All I care about is performance vs price vs power usage. That last is important as the country I live in has an escalating power utility cost, it gets prohibitively expensive to run AC during the summer. Talking about $400+ USD a month power bill to cool a 43pyung (about 1500sq feet) apartment.
 
^ IT nerds at their finest

So... anyone know the release date for Piledriver? I heard it was...summer?
Piledriver = Marginal improvements on GPU and minor fixes on CPU??

Actually, and I've been thinking about this, the way code is made is rather important to how a cpu runs programs. Maybe we, as enthusiasts essentially in a community leadership role of sorts, need to give this more attention.

Not to distract from the hardware oriented nature of this thread, but to ignore the code the cpu runs won't do either.
 
I actually wish windows 8 gets launched with trinity but thats never going to happen.

Im expecting 10% average cpu increase over llano for trinity. As for gpu, I would imagine 30% average.

I just want a hopefully cheap trinity ultrathin that I can replace this atom netbook. I hate this thing so much...
 
Sorry for multiple posts but I want to break these up into distinct messages.

Why should you case about the impartiality of independent reviewer? Because they are the eyes, ears, judges and jury's that represent you the customer. Vast majority of customers won't have the time and money to purchase each venders products and test them to determine their relative value, their merits and weakness's. We rely on independent third party reviewers to do this for us and we trust that they will be honest with their judgement. If a company can manipulate those independent reviewers then they can manipulate the perspective the customers receive and thus the buying decisions of those customers.

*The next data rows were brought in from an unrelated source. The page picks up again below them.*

Lemma Qset1_intro x : Qset x -> in_orbit x 1 -> Qset1 x.
Proof. intros Hq H1. split; [exact Hq |]. split; [exact H1 |]. rewrite <- Rmap_1. apply in_orbit_Rmap, H1. Qed.

Lemma Qset_split x : Qset x <-> (Qset0 x \/ Qset1 x).
Proof.
  split.
  - intro Hq. destruct (reaches_01_rational x Hq) as [k [Hk | Hk]];
      [left; apply Qset0_intro | right; apply Qset1_intro]; auto; exists k; exact Hk.
  - intros [[Hq _] | [Hq _]]; exact Hq.
Qed.

Lemma Qset0_Qset1_disjoint x : ~ (Qset0 x /\ Qset1 x).
Proof.
  intros [[_ [[i Hi] _]] [_ [[j Hj] _]]]. destruct (Nat.le_ge_cases i j) as [Hij | Hji].
  - destruct (iter_after_two_cycle Rmap _ _ x i Rmap_0 Rmap_2_3 (or_introl Hi) j Hij); lra.
  - destruct (iter_after_two_cycle Rmap _ _ x j Rmap_1 Rmap_1_3 (or_introl Hj) i Hji); lra.
Qed.

Lemma Qset0_dense a b : 0 <= a -> a < b -> b <= 1 -> exists x, a < x < b /\ Qset0 x.
Proof.
  intros Ha Hab Hb.
  destruct (dense_prefix_extensions (fun x => in_orbit x 0)) with a b as [x [Hx [H0 Hq]]]; auto.
  { intro w. apply (prefix_extensions_reach w). }
  exists x. split; [exact Hx | apply Qset0_intro; assumption].
Qed.

Lemma Qset1_dense a b : 0 <= a -> a < b -> b <= 1 -> exists x, a < x < b /\ Qset1 x.
Proof.
  intros Ha Hab Hb.
  destruct (dense_prefix_extensions (fun x => in_orbit x 1)) with a b as [x [Hx [H1 Hq]]]; auto.
  { intro w. apply (prefix_extensions_reach w). }
  exists x. split; [exact Hx | apply Qset1_intro; assumption].
Qed.

Theorem proposition6p3 :
  (* Q ∩ [0,1] is R-invariant *)
  (forall x, Qset x -> Qset (Rmap x)) /\
  (* C_0 = {0,2/3} and C_1 = {1,1/3} are periodic orbits of period 2 *)
  (Rmap 0 = 2/3 /\ Rmap (2/3) = 0 /\ Rmap 1 = 1/3 /\ Rmap (1/3) = 1) /\
  (* they are the only periodic orbits contained in Q ∩ [0,1] *)
  (forall x (n : nat), (1 <= n)%nat -> Nat.iter n Rmap x = x ->
     (forall k : nat, Qset (Nat.iter k Rmap x)) ->
     (forall y, in_orbit x y <-> (y = 0 \/ y = 2/3)) \/
     (forall y, in_orbit x y <-> (y = 1 \/ y = 1/3))) /\
  (* Q ∩ [0,1] is the disjoint union of Q_0 and Q_1 *)
  (forall x, Qset x <-> (Qset0 x \/ Qset1 x)) /\
  (forall x, ~ (Qset0 x /\ Qset1 x)) /\
  (* both are dense in [0,1] *)
  (forall a b, 0 <= a -> a < b -> b <= 1 -> exists x, a < x < b /\ Qset0 x) /\
  (forall a b, 0 <= a -> a < b -> b <= 1 -> exists x, a < x < b /\ Qset1 x).
Proof.
  split; [exact Rmap_Qset |].
  split; [exact (conj Rmap_0 (conj Rmap_2_3 (conj Rmap_1 Rmap_1_3))) |].
  split; [intros x n Hn Hper Hall; exact (periodic_rational_orbits x n Hn Hper (Hall 0%nat)) |].
  split; [exact Qset_split |].
  split; [exact Qset0_Qset1_disjoint |].
  split; [exact Qset0_dense | exact Qset1_dense].
Qed.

We should never tolerate bias or manipulation from our independent review sites.
Couldn't agree more with this. This is one reason I don't just look at one review and make my decision based on one viewpoint. With AMD being the underdog its easy to get away with bashing it to death and not even give it a second thought.

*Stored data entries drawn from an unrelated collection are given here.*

(* The measurable sets of [R] are generated by the intervals [`]a, b]]. *)
Lemma measurable_borel (A : set R) : measurable A -> borel_set A.
Proof.
move=> mA; apply: (@smallest_sub _ (sigma_algebra [set: R]) _ (@borel_set R)
  _ _ A mA); first exact: smallest_sigma_algebra.
move=> _ [[a b] _ <-] /=.
have -> : `]a, b]%classic =
    [set: R] `\` (([set: R] `\` `]a, +oo[%classic) `|` `]b, +oo[%classic).
  apply/seteqP; split => x /=; rewrite !in_itv /= ?andbT.
    move=> /andP[h1 h2]; split => // -[[_ /negP]|]; first by rewrite h1.
    by apply/negP; rewrite -leNgt.
  move=> [_ /not_orP[/not_andP[//|/contrapT h1] /negP h2]].
  by rewrite h1 leNgt h2.
apply: sigma_algebraCD.
rewrite -bigcup2E; apply: sigma_algebra_bigcup => -[|[|n]] /=.
- by apply: sigma_algebraCD; apply: borel_open; exact: itv_open_ends_open.
- by apply: borel_open; exact: itv_open_ends_open.
- exact: sigma_algebra0.
Qed.

Lemma borel_on_indic (T : topologicalType) (A : set T) :
  borel_set A -> borel_on [set: T] (\1_A : T -> R).
Proof.
move=> hA B _; rewrite setTI.
have [h1|h1] := pselect (B 1); have [h0|h0] := pselect (B 0).
- have -> : (\1_A : T -> R) @^-1` B = [set: T].
    by apply/seteqP; split => x //= _; rewrite indicE; case: (x \in A).
  by rewrite -(setD0 [set: T]); apply: sigma_algebraCD; exact: sigma_algebra0.
- have -> : (\1_A : T -> R) @^-1` B = A.
    apply/seteqP; split => x /=; rewrite indicE.
      by have [/set_mem //|_] := boolP (x \in A).
    by move=> xA; rewrite mem_set.
  exact: hA.
- have -> : (\1_A : T -> R) @^-1` B = [set: T] `\` A.
    apply/seteqP; split => x /=; rewrite indicE.
      by have [//|/negP xA] := boolP (x \in A); split => // /mem_set.
    by move=> [_ xA]; rewrite memNset.
  exact: sigma_algebraCD.
- have -> : (\1_A : T -> R) @^-1` B = set0.
    by apply/seteqP; split => x //=; rewrite indicE; case: (x \in A).
  exact: sigma_algebra0.
Qed.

I will say this. playing with BD has been a lot of fun and a whole lot more insightful than just reading the one-sided reviews (from both sides)

One thing I will say, If AMD can get their ducks in a row, the modular approach can be a beast, but early stage its touch and go with some points.

One part that I just noticed how much effect it has is the shared front end. A module itself is pretty close to what AMD said, 80% of a dual core for performance. While that itself is an improvement over HT, in itself can actually hurt performance quite a bit.

While one half of the module is being used, it runs at 100%. Turn on the other half and both halves run at 80%, not 100% + 60%. This I discovered myself when playing with prime 95. Stress testing everything runs even across all cores. one core drops out after a while sometimes ... what happens is interesting. The now un-shared core speeds up and starts finishing calculations faster.

Here is where it BD gets part of its bad reputation.

CPU_Low.png


Note core 2 is running 100%. this is on an Intel with HT. Here is where optomizations play in vs non optomized. This is also just one of many possibilities as palladin has been pointing out, there is a lot more than just one thing going on.

BD doesn't shut down 1/2 modules in skyrim, load up cpu 3 on bd, and even if its only 40%, its still being used. What happened to cpu 2? its still at 100% usage, but 80% efficiency.

The end result is it runs SLOWER than Phenom II cpus, because they don't suffer that penalty. It will be interesting to see what AMD does to try and solve this issue, but what I would think could be ingenious is if the cpu itself can detect load on a module and if its at 100% and only 30%, then it shuts off half of that module in order to boost performance through the one set and sends that 30% to another module. probably just wishful thinking but who knows.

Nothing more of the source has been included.